• [Task directions]:
Copy each line of the data below with the word "Stdlib".

(Saved entries)
━━━━━━━━━━━━━━━━━━━━

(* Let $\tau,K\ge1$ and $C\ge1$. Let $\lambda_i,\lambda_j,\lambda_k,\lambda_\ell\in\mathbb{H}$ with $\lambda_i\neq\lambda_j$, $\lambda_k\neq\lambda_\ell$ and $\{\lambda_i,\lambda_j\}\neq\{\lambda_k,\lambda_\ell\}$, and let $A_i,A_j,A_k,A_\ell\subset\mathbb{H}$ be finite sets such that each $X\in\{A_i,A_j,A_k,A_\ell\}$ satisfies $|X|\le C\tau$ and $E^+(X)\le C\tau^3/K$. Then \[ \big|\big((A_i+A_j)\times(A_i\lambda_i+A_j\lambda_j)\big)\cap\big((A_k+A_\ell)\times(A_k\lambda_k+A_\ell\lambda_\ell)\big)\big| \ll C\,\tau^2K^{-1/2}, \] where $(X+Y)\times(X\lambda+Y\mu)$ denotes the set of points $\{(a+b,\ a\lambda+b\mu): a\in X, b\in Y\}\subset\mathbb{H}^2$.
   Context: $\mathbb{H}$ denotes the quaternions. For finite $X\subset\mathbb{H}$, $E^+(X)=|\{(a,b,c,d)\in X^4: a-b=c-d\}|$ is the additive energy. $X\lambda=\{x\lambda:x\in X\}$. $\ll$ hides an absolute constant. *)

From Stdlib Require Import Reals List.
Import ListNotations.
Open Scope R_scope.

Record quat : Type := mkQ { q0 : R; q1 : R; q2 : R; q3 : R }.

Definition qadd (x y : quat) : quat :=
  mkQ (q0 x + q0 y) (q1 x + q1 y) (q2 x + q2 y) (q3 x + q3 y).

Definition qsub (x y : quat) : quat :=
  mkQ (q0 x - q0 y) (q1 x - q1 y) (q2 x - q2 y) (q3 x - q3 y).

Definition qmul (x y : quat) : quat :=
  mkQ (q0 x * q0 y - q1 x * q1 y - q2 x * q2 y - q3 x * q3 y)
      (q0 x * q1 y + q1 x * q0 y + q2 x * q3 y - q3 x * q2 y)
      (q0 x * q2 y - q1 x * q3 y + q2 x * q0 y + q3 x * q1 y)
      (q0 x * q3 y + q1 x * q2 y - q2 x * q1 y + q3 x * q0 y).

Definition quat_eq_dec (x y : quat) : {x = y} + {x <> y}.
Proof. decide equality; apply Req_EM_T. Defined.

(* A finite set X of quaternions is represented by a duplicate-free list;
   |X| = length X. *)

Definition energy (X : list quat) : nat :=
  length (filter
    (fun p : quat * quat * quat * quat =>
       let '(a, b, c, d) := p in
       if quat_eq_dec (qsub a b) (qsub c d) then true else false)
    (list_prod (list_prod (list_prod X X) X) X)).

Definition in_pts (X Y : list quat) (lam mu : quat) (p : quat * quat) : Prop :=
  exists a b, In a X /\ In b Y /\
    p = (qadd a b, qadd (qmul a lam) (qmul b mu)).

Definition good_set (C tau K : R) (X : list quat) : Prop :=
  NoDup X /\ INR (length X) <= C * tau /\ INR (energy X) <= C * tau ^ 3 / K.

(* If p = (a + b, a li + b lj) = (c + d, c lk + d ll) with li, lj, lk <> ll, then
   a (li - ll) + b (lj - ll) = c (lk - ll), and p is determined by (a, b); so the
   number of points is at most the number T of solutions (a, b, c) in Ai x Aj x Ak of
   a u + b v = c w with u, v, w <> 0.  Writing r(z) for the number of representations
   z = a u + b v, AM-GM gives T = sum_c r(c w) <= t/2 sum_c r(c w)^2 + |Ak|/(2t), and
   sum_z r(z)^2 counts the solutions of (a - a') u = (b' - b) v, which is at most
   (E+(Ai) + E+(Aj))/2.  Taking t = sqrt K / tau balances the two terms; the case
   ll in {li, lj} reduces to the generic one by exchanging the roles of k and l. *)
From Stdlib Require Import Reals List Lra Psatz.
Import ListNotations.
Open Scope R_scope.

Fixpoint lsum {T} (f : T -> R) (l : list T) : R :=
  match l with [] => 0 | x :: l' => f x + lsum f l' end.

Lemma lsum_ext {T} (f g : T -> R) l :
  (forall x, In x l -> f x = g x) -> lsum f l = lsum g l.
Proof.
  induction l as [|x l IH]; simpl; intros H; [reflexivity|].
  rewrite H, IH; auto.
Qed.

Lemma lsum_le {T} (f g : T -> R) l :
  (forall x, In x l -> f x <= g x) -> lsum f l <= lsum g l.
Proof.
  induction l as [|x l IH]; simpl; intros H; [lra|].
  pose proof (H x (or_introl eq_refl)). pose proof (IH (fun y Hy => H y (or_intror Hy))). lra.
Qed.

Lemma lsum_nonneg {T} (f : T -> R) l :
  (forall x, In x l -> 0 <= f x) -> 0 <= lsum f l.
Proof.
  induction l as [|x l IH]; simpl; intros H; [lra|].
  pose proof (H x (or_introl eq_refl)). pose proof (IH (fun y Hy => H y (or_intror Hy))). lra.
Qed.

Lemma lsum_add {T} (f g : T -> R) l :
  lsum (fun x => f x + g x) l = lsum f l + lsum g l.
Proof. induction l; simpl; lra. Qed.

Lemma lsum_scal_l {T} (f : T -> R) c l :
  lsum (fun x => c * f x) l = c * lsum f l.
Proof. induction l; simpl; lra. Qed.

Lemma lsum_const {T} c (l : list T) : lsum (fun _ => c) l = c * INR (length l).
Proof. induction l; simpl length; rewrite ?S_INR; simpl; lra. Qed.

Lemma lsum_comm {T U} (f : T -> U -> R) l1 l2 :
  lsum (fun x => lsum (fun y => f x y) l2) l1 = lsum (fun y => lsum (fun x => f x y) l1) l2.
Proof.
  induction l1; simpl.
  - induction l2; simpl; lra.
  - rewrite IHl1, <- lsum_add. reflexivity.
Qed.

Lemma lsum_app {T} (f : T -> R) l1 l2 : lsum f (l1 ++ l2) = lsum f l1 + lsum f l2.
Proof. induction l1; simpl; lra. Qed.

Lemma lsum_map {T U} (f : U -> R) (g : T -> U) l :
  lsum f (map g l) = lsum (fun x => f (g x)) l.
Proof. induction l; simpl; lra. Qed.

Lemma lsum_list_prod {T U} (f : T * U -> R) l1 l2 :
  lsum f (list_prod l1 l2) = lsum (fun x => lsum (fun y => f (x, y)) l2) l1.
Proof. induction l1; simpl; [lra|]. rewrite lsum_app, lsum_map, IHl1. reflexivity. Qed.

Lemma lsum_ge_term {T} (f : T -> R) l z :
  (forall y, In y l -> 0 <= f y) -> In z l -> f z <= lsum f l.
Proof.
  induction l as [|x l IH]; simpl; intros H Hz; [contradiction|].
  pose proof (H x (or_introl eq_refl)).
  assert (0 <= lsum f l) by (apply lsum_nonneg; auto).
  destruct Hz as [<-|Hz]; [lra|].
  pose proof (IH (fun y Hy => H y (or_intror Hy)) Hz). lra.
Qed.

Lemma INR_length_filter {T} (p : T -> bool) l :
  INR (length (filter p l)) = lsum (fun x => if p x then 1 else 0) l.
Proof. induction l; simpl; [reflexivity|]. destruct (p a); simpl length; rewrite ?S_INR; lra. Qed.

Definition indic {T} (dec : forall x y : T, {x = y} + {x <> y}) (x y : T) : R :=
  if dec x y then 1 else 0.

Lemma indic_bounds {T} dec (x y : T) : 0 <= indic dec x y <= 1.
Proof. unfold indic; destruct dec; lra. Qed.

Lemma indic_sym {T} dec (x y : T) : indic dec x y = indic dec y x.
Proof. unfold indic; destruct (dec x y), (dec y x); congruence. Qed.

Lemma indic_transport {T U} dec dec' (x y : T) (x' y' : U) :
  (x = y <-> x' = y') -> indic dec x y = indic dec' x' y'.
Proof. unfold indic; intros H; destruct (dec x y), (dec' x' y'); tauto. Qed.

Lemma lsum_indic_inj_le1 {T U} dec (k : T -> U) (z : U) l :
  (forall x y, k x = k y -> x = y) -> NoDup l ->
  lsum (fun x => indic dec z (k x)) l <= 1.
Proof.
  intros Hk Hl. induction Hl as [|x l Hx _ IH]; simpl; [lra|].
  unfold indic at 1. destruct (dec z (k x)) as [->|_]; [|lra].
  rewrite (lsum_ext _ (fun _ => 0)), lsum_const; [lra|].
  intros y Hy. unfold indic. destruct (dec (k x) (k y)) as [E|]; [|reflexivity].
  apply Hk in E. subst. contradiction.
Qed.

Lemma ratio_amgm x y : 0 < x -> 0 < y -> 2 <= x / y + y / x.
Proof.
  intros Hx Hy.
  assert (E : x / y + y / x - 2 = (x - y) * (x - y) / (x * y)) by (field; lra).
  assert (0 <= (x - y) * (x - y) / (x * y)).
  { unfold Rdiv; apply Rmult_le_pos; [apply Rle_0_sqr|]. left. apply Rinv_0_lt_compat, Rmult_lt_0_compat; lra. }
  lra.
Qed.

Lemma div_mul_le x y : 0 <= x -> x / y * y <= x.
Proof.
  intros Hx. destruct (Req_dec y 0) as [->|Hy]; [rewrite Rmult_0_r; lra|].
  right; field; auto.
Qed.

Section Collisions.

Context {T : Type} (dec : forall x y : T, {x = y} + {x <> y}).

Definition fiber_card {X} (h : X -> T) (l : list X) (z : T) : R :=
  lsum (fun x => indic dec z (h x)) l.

━━━━━━━━━━━━━━━━━━━━

• [Output of the exercise]:
From Stdlib Require Import Reals List.
From Stdlib Require Import Reals List Lra Psatz.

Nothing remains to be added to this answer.